Wie soll ein dauerhafter Frieden entstehen?
Benjamin Netanjahus Politik hat die in der internationalen Öffentlichkeit weitverbreitete Isolierung bis hin zum Boykott Israels ermutigt, der längst nicht mehr nur auf die Präsenz in den palästinensischen Gebieten abzielt, sondern an den Grundfesten seiner Existenz rüttelt. Wodurch also sind den Regierungen Europas die Hände des Gegensteuerns gebunden?
Dem «State-building»-Prozess, den die EU-Erklärung noch einmal beschworen hat, wird Steinmeier mit dem Vorrang von «soft power» nicht zu neuem Leben verhelfen können.
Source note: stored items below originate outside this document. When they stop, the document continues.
(* Consider the closed-loop system described in the context, with the controller given by the Hamiltonian parameterization $a=J_0R+bJb^{T}J_0/2$, $c=J_2\mathbf{I}^{T}b^{T}J_0$ for fixed $b$, and suppose $\mathcal{A}$ is Hurwitz. Then the second Fréchet derivative of $E$ with respect to $R\in\mathbb{S}_n$ is the self-adjoint operator on $\mathbb{S}_n$ $$\partial_R^2E=4\,\mathcal{J}^{\dagger}\big(\mathcal{Q}\mathcal{L}_{\mathcal{A}}\mathcal{S}\mathcal{P}+\mathcal{P}\mathcal{L}_{\mathcal{A}^{T}}\mathcal{S}\mathcal{Q}\big)\mathcal{J},$$ where $\mathcal{J}:\mathbb{S}_n\to\mathbb{R}^{2n\times2n}$, $\mathcal{J}(M):=\begin{bmatrix}0_n\\ J_0\end{bmatrix}M\begin{bmatrix}0_n & I_n\end{bmatrix}$, $\mathcal{J}^{\dagger}$ is its adjoint with respect to the Frobenius inner products, $\mathcal{Q}(X):=QX$ and $\mathcal{P}(X):=XP$ for $X\in\mathbb{R}^{2n\times 2n}$, $\mathcal{S}(X):=(X+X^{T})/2$, and for a Hurwitz matrix $F$, $\mathcal{L}_F(M):=\int_0^{+\infty}e^{Ft}Me^{F^{T}t}\,dt$ (the unique solution $N$ of $FN+NF^{T}+M=0$).
   Context: Let $n=2\nu$, $m_1=2\mu_1$, $m_2=2\mu_2$, and let $p,p_0$ be positive integers. Plant matrices: $A\in\mathbb{R}^{n\times n}$, $B_1\in\mathbb{R}^{n\times m_1}$, $B_2\in\mathbb{R}^{n\times m_2}$, $C\in\mathbb{R}^{p\times n}$, $D\in\mathbb{R}^{p\times m_1}$, $C_0\in\mathbb{R}^{p_0\times n}$, $D_0\in\mathbb{R}^{p_0\times m_2}$. $J_0,J_1,J_2$ are the canonical real antisymmetric matrices of orders $n,m_1,m_2$ (block diagonal with copies of $\begin{bmatrix}0&1\\-1&0\end{bmatrix}$). $J:=\begin{bmatrix}J_2&0\\0&DJ_1D^{T}\end{bmatrix}$, $\mathbf{I}:=\begin{bmatrix}I_{m_2}\\0\end{bmatrix}\in\mathbb{R}^{(m_2+p)\times m_2}$, $\mathbb{S}_n$ is the space of real symmetric $n\times n$ matrices. $b\in\mathbb{R}^{n\times(m_2+p)}$, $B:=[\,B_1\ \ B_2\,]$, $\mathbf{C}:=\begin{bmatrix}0\\ C\end{bmatrix}$, $\mathbf{D}:=\begin{bmatrix}0 & I_{m_2}\\ D & 0\end{bmatrix}$. Closed-loop matrices: $\mathcal{A}:=\begin{bmatrix}A & B_2c\\ b\mathbf{C} & a\end{bmatrix}$, $\mathcal{B}:=\begin{bmatrix}B\\ b\mathbf{D}\end{bmatrix}$, $\mathcal{C}:=\begin{bmatrix}C_0 & D_0c\end{bmatrix}$. When $\mathcal{A}$ is Hurwitz, $P,Q$ are the unique solutions of $\mathcal{A}P+P\mathcal{A}^{T}+\mathcal{B}\mathcal{B}^{T}=0$, $\mathcal{A}^{T}Q+Q\mathcal{A}+\mathcal{C}^{T}\mathcal{C}=0$, and $E:=\mathrm{Tr}(\mathcal{C}P\mathcal{C}^{T})$. *)

From HB Require Import structures.
From mathcomp Require Import all_boot all_order all_algebra.
From mathcomp Require Import all_classical all_reals all_analysis.
From mathcomp Require Import complex.
Import numFieldNormedType.Exports.
Set Implicit Arguments.
Unset Strict Implicit.
Unset Printing Implicit Defensive.
Import Order.TTheory GRing.Theory Num.Theory.
Local Open Scope ring_scope.

Section Defs.
Variable R : realType.

(* canonical real antisymmetric matrix of order k.*2: block diagonal with
   copies of [[0,1],[-1,0]] *)
Definition Jcan (k : nat) : 'M[R]_(k.*2) :=
  \matrix_(i, j) (if ~~ odd i && (val j == (val i).+1) then 1
                  else if odd i && (val i == (val j).+1) then -1 else 0).

Definition hurwitz (k : nat) (F : 'M[R]_k) : Prop :=
  forall z : R[i], root (map_poly (fun x : R => (x%:C)%C) (char_poly F)) z ->
    complex.Re z < 0.

Definition lyap (k : nat) (F M : 'M[R]_k) : 'M[R]_k :=
  xget 0 [set N : 'M[R]_k | F *m N + N *m F^T + M = 0].

Definition frob (k l : nat) (X Y : 'M[R]_(k, l)) : R := \tr (X^T *m Y).

Definition symmetricb (k : nat) (M : 'M[R]_k) : Prop := M^T = M.

Definition symp (k : nat) (X : 'M[R]_k) : 'M[R]_k := 2^-1 *: (X + X^T).

Variables (nu mu1 mu2 p p0 : nat).
Local Notation n := (nu.*2).
Local Notation m1 := (mu1.*2).
Local Notation m2 := (mu2.*2).
Variables (A : 'M[R]_n) (B1 : 'M[R]_(n, m1)) (B2 : 'M[R]_(n, m2))
  (C : 'M[R]_(p, n)) (D : 'M[R]_(p, m1)) (C0 : 'M[R]_(p0, n))
  (D0 : 'M[R]_(p0, m2)) (b : 'M[R]_(n, m2 + p)).

Definition Jbig : 'M[R]_(m2 + p) :=
  block_mx (Jcan mu2) 0 0 (D *m Jcan mu1 *m D^T).
Definition Ibold : 'M[R]_(m2 + p, m2) := col_mx 1%:M 0.
Definition Bcat : 'M[R]_(n, m1 + m2) := row_mx B1 B2.
Definition Cbold : 'M[R]_(m2 + p, n) := col_mx 0 C.
Definition Dbold : 'M[R]_(m2 + p, m1 + m2) :=
  block_mx 0 1%:M D 0.

Definition ctrl_a (Rm : 'M[R]_n) : 'M[R]_n :=
  Jcan nu *m Rm + 2^-1 *: (b *m Jbig *m b^T *m Jcan nu).
Definition ctrl_c : 'M[R]_(m2, n) :=
  Jcan mu2 *m Ibold^T *m b^T *m Jcan nu.

Definition Acl (Rm : 'M[R]_n) : 'M[R]_(n + n) :=
  block_mx A (B2 *m ctrl_c) (b *m Cbold) (ctrl_a Rm).
Definition Bcl : 'M[R]_(n + n, m1 + m2) := col_mx Bcat (b *m Dbold).
Definition Ccl : 'M[R]_(p0, n + n) := row_mx C0 (D0 *m ctrl_c).

Definition Pgram (Rm : 'M[R]_n) : 'M[R]_(n + n) := lyap (Acl Rm) (Bcl *m Bcl^T).
Definition Qgram (Rm : 'M[R]_n) : 'M[R]_(n + n) := lyap (Acl Rm)^T (Ccl^T *m Ccl).

Definition Ecost (Rm : 'M[R]_n) : R := \tr (Ccl *m Pgram Rm *m Ccl^T).

Definition Jop (M : 'M[R]_n) : 'M[R]_(n + n) :=
  col_mx (0 : 'M[R]_n) (Jcan nu) *m M *m row_mx (0 : 'M[R]_n) 1%:M.

(* adjoint of Jop : S_n -> R^{2n x 2n} w.r.t. Frobenius inner products:
   the orthogonal projection onto S_n of [0; J0]^T Y [0 I]^T *)
Definition Jadj (Y : 'M[R]_(n + n)) : 'M[R]_n :=
  symp ((col_mx (0 : 'M[R]_n) (Jcan nu))^T *m Y *m (row_mx (0 : 'M[R]_n) 1%:M)^T).

Definition Hess (Rm : 'M[R]_n) (M : 'M[R]_n) : 'M[R]_n :=
  let X := Jop M in
  4%:R *: Jadj (Qgram Rm *m lyap (Acl Rm) (symp (X *m Pgram Rm))
                + lyap (Acl Rm)^T (symp (Qgram Rm *m X)) *m Pgram Rm).

End Defs.

(* E(R) = tr(C L_{A(R)}(B B^T) C^T), where the closed-loop matrix A(R) = A(0) + J(R)
   is affine in R. Differentiating the Lyapunov equation A P + P A^T + B B^T = 0
   gives P' = L_A(J(H) P + P J(H)^T), and differentiating once more expresses the
   second derivative as tr(C L_A(Z) C^T) for an explicit Z. The duality
   tr(L_{A^T}(M) N) = tr(M L_A(N)) turns this into tr(Q Z), and the symmetry of
   P, Q and of every L_A(S(.)) collapses the four terms of Z into
   4 <Q L_A S(J(H) P) + L_{A^T} S(Q J(H)) P, J(K)>, that is 4 <J^†(...), K>.
   Stability of A is used only to make L_A well defined and smooth: F N + N F^T = 0
   is a homogeneous Sylvester equation between F and -F^T, whose spectra lie in
   opposite half planes, so N = 0; the vectorised Lyapunov operator is then
   invertible, which persists near R and makes L_{A(R)} differentiable in R. *)

From HB Require Import structures.
From mathcomp Require Import all_boot all_order all_algebra.
From mathcomp Require Import all_classical all_reals all_analysis.
From mathcomp Require Import complex perm.
Import numFieldNormedType.Exports.
Import Order.TTheory GRing.Theory Num.Theory.
Local Open Scope ring_scope.
Set Implicit Arguments.
Unset Strict Implicit.
Unset Printing Implicit Defensive.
Sein Rückgriff auf die Arabische Friedensinitiative vom März 2002 ignoriert die schweren Verwerfungen und Umbrüche in der arabischen und islamischen Welt; keiner der 56 Unterzeichner von damals sieht sich aus innenpolitischen Gründen in der Lage, sie weiterzuverfolgen.
Insofern rächt es sich, dass die Regierungen der westlichen Welt der «Genfer Initiative» als Blaupause für den Frieden zwischen beiden Völkern keine operative Beachtung geschenkt haben. Denn als Vorlage aus den Reihen beider Zivilgesellschaften hätte sie einen Wendepunkt in der internationalen Diplomatie einleiten können. Gespannt sein dürfen wir also auf den Bericht, für den Steinmeier den früheren Leiter der «Stiftung Wissenschaft und Politik», Christoph Bertram, gewonnen hat: Innerhalb eines Jahres soll sein Team Rahmenvorschläge für eine kohärente und effektive Aussenpolitik vorlegen.